Я почувствовал, что разговор о Мирике угрожающе затягивается, а потому, дождавшись удобной минуты, сказал, что пора идти и что лучше, если я застану Леночку одну, без мужа, который, как известно, в пять пойдет на свою прогулку. Ирина Аркадьевна согласилась, что и в самом деле лучше, если без Мирика… и тут же опять стала говорить о нем.
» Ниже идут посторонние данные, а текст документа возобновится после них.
Definition trial k x D t : R := Defs.ratio h x D (lm_trial_dir k x t).

(* iteration [k] of [LMTR_run]; [lmtr_run_inv] relies on the two being convertible *)
Definition lmtr_step k x lam D p x' lam' D' : Prop :=
  [/\ forall j, (j < p)%N -> trial k x D (rho1 ^+ j * lam) < ups1,
      ups1 <= trial k x D (rho1 ^+ p * lam),
      x' = x + lm_trial_dir k x (rho1 ^+ p * lam),
      lam' = (if ups2 <= trial k x D (rho1 ^+ p * lam)
              then rho2 * rho1 ^+ p * lam else rho1 ^+ p * lam) &
      D' = (1 - theta k) * psi h x' + theta k * D].

Definition lmtr_inv k x lam D : Prop :=
  [/\ 0 < lam, lam <= lam_ub, psi h x <= D & D <= psi_x0 - k%:R * decrease].

Lemma lmtr_inv_level k x lam D : lmtr_inv k x lam D -> psi h x <= psi_x0.
Proof. by case=> _ _ xD D_le; have := mulr_ge0 (ler0n _ k) (ltW decrease_gt0); lra. Qed.

Lemma trial_ge_ups2 k x lam D t : lmtr_inv k x lam D -> ~ stops h eps x -> 0 < t ->
  mu_success <= t * mu_val h (xi k) (om k) eta x -> ups2 <= trial k x D t.
Proof.
move=> inv x_nonstop t_gt0 mu_big; have x_level := lmtr_inv_level inv.
have [_ _ xD _] := inv.
have : mu_success <= muhat mumin t (mu_val h (xi k) (om k) eta x).
  by apply: le_trans mu_big _; rewrite le_max lexx orbT.
rewrite ge_max ler_pdivrMr ?subr_gt0 // => /andP[mu_ge1 mu_good].
apply: (lm_ratio_ge h_diff L_ge0 J_lipschitz x_level xD (gradpsi_neq0 x_nonstop)) => //.
  exact: ltW.
by rewrite -/h_ub [(1 - ups2) * _]mulrC.
Qed.

Lemma accepted_lam_le k x lam D p : lmtr_inv k x lam D -> ~ stops h eps x ->
  (forall j, (j < p)%N -> trial k x D (rho1 ^+ j * lam) < ups1) ->
  rho1 ^+ p * lam <= lam_ub.
Proof.
move=> inv x_nonstop rejected; have [lam_gt0 lam_le _ _] := inv.
case: p rejected => [|p] rejected; first by rewrite expr0 mul1r.
have rho1_gt0 : 0 < rho1 := lt_trans ltr01 rho1_gt1.
have lamp_gt0 : 0 < rho1 ^+ p * lam by rewrite mulr_gt0 // exprn_gt0.
set mu := mu_val h (xi k) (om k) eta x.
have mu_ge : mu_lb <= mu := mu_val_ge x_nonstop k.
have small : rho1 ^+ p * lam * mu < mu_success.
  rewrite ltNge; apply/negP => /(trial_ge_ups2 inv x_nonstop lamp_gt0).
  by have := rejected p (ltnSn p); have := ups12; lra.
rewrite exprS -mulrA; apply: (@le_trans _ _ (rho1 * mu_success / mu_lb)).
  rewrite -mulrA ler_wpM2l ?(ltW rho1_gt0) // ler_pdivlMr ?mu_lb_gt0 //.
  exact: le_trans (ler_wpM2l (ltW lamp_gt0) mu_ge) (ltW small).
by rewrite le_max lexx orbT.
Qed.

Lemma pred_reduction_ge k x t : psi h x <= psi_x0 -> ~ stops h eps x ->
  0 < t -> t <= lam_ub -> pred_lb <= qmod h x 0 - qmod h x (lm_trial_dir k x t).
Proof.
move=> x_level x_nonstop t_gt0 t_le.
set mu := mu_val h (xi k) (om k) eta x; set mh := muhat mumin t mu.
have mu_ge0 : 0 <= mu := le_trans (ltW mu_lb_gt0) (mu_val_ge x_nonstop k).
have mh_gt0 : 0 < mh by apply: lt_le_trans mumin_gt0 _; rewrite le_max lexx.
have mh_le : mh <= muhat_ub.
  by rewrite ge_max !le_max lexx /= ler_pM ?orbT ?(ltW t_gt0) ?mu_val_le.
have /= -> := lm_dir_pred_reduction h x mh_gt0; set d := lm_dir h x mh.
have Q_ge0 : 0 <= 2^-1 * dot (d *m 'J h x) (d *m 'J h x) + mh * dot d d.
  by rewrite addr_ge0 ?mulr_ge0 ?dot_ge0 ?invr_ge0 ?ler0n ?ltW.
rewrite ler_pdivrMr ?pred_lb_den_gt0 // mulrC.
apply: (@le_trans _ _ (dot (gradpsi h x) (gradpsi h x))).
  rewrite -enorm_sqr ler_sqr ?nnegrE ?enorm_ge0 ?(ltW eps_gt0) //.
  exact/ltW/enorm_gradpsi_gt.
apply: le_trans (lm_grad_le mh_gt0 (lm_dir_eq h x mh_gt0) (enorm_JT_le x_level)) _.
by rewrite ler_wpM2r // lerD2l ler_wpM2l.
Qed.

Lemma lmtr_step_inv k x lam D p x' lam' D' : lmtr_inv k x lam D -> ~ stops h eps x ->
  lmtr_step k x lam D p x' lam' D' -> lmtr_inv k.+1 x' lam' D'.
Proof.
move=> inv x_nonstop [rejected accepted -> -> ->]; have x_level := lmtr_inv_level inv.
have [lam_gt0 _ xD D_le] := inv.
have t_gt0 : 0 < rho1 ^+ p * lam by rewrite mulr_gt0 // exprn_gt0 // (lt_trans ltr01).
have t_le := accepted_lam_le inv x_nonstop rejected.
have P_ge := pred_reduction_ge k x_level x_nonstop t_gt0 t_le.
move: accepted; set t := rho1 ^+ p * lam; set d := lm_trial_dir k x t in P_ge *.
rewrite /trial /Defs.ratio -/d ler_pdivlMr; last exact: lt_le_trans pred_lb_gt0 P_ge.
have := ler_wpM2l (ltW ups1_gt0) P_ge; rewrite qmod0 => P_ups accepted.
have psi_next : psi h (x + d) <= D - ups1 * pred_lb by lra.
have [/andP[th_min_ge0 _] /andP[theta_ge theta_le]] := (th_bounds, theta_k k).
have theta_ge0 := le_trans th_min_ge0 theta_ge.
have [rho2_gt0 rho2_lt1] := andP rho2_01.
split.
- by case: ifP => _ //; rewrite -mulrA mulr_gt0.
- by case: ifP => _ //; rewrite -mulrA; apply: le_trans t_le; rewrite ler_piMl // ltW.
- have : psi h (x + d) <= D by have := mulr_ge0 (ltW ups1_gt0) (ltW pred_lb_gt0); lra.
  by move=> /(ler_wpM2l theta_ge0); lra.
have dec_le : decrease <= (1 - theta k) * (ups1 * pred_lb).
  rewrite /decrease -mulrA ler_wpM2r ?lerD2l ?lerN2 //.
  exact: mulr_ge0 (ltW ups1_gt0) (ltW pred_lb_gt0).
have th1_ge0 : 0 <= 1 - theta k by have := th_max_lt1; lra.
by have := ler_wpM2l th1_ge0 psi_next; rewrite -natr1 mulrDl mul1r; lra.
Qed.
Но на этот раз я не стал ждать удобной минуты, а, невежливо ее прервав на полуслове, сказал, что пора.

– А как же я? – проговорила уже у дверей Ирина Аркадьевна.

Я взглянул на ее потерянное лицо, и мне стало жаль ее, и я простил ее неумеренную словоохотливость и пообещал, что о ходе своих поисков уведомлю не позже завтрашнего дня.

– Как – только завтра? – произнесла она нараспев и взяла меня за руку. – Как же я до завтра?

И здесь – сам не знаю почему, я вернулся в комнату, сел на прежнее место и рассказал ей все, что знал. Я рассказал ей о своих подозрениях, и о письме, которое показал мне старик, и об Алексее Михайловиче, и даже о ценностях.

Она слушала меня внимательно и ни разу не перебила; это мне было непривычно (я даже делал паузы и при этом вопросительно смотрел на нее – она же только качала головой).

Так я проговорил, примерно, с час: путался, конечно, повторялся, здесь же и строил свои догадки, здесь же их и опровергал. Собственный мой рассказ захватил меня самого. Заключил я тем, что вот сегодня пойду к старику (про сидение за портьерой я постеснялся сказать), куда придет автор письма, и что я почти наверное знаю, кто это, и что сегодня, может быть, все и решится.

– Так ты думаешь, что Марта его… дочь? – проговорила Ирина Аркадьевна после моего «вот и все».

Я пожал плечами.

– Не хотелось бы… – сказала она и добавила, помолчав: – Нет, не хотелось бы.

Я ничего не ответил, потому что не знал: могло ли этого хотеться или не могло? Я и вообще не задумывался над этим. Марта для меня стояла как-то отдельно от всего, то есть, хотя она и была среди всего, но как-то сама по себе.

– Слушай, – сказала Ирина Аркадьевна, легонько стукнув меня указательным пальцем по колену, – я вот о чем подумала: что, если тебе этому старику все рассказать. А?

Я подумал о Никонове, вспомнил, как открывал мне дверь и как закрывал ее за мной, и вспомнил глаза его сквозь узкую дверную щель.

– Я не смогу, – проговорил я, ожидая, что Ирина Аркадьевна будет меня убеждать в обратном.

Но она не стала меня ни в чем убеждать, а проговорила задумчиво:

– Понятно.

Разговор наш дальше не продолжался. Я решительно встал, время прогулки Мирика уже подступило, и нужно было спешить.

– Ты вот что, – сказала мне у калитки Ирина Аркадьевна, – ты мне корпус назови и номер комнаты.

– Зачем вам?

Она улыбнулась невесело:

– Мало ли что.

До поворота улицы я шел быстро и заставил себя не оглядываться, но чувствовал, что Ирина Аркадьевна смотрит мне в спину.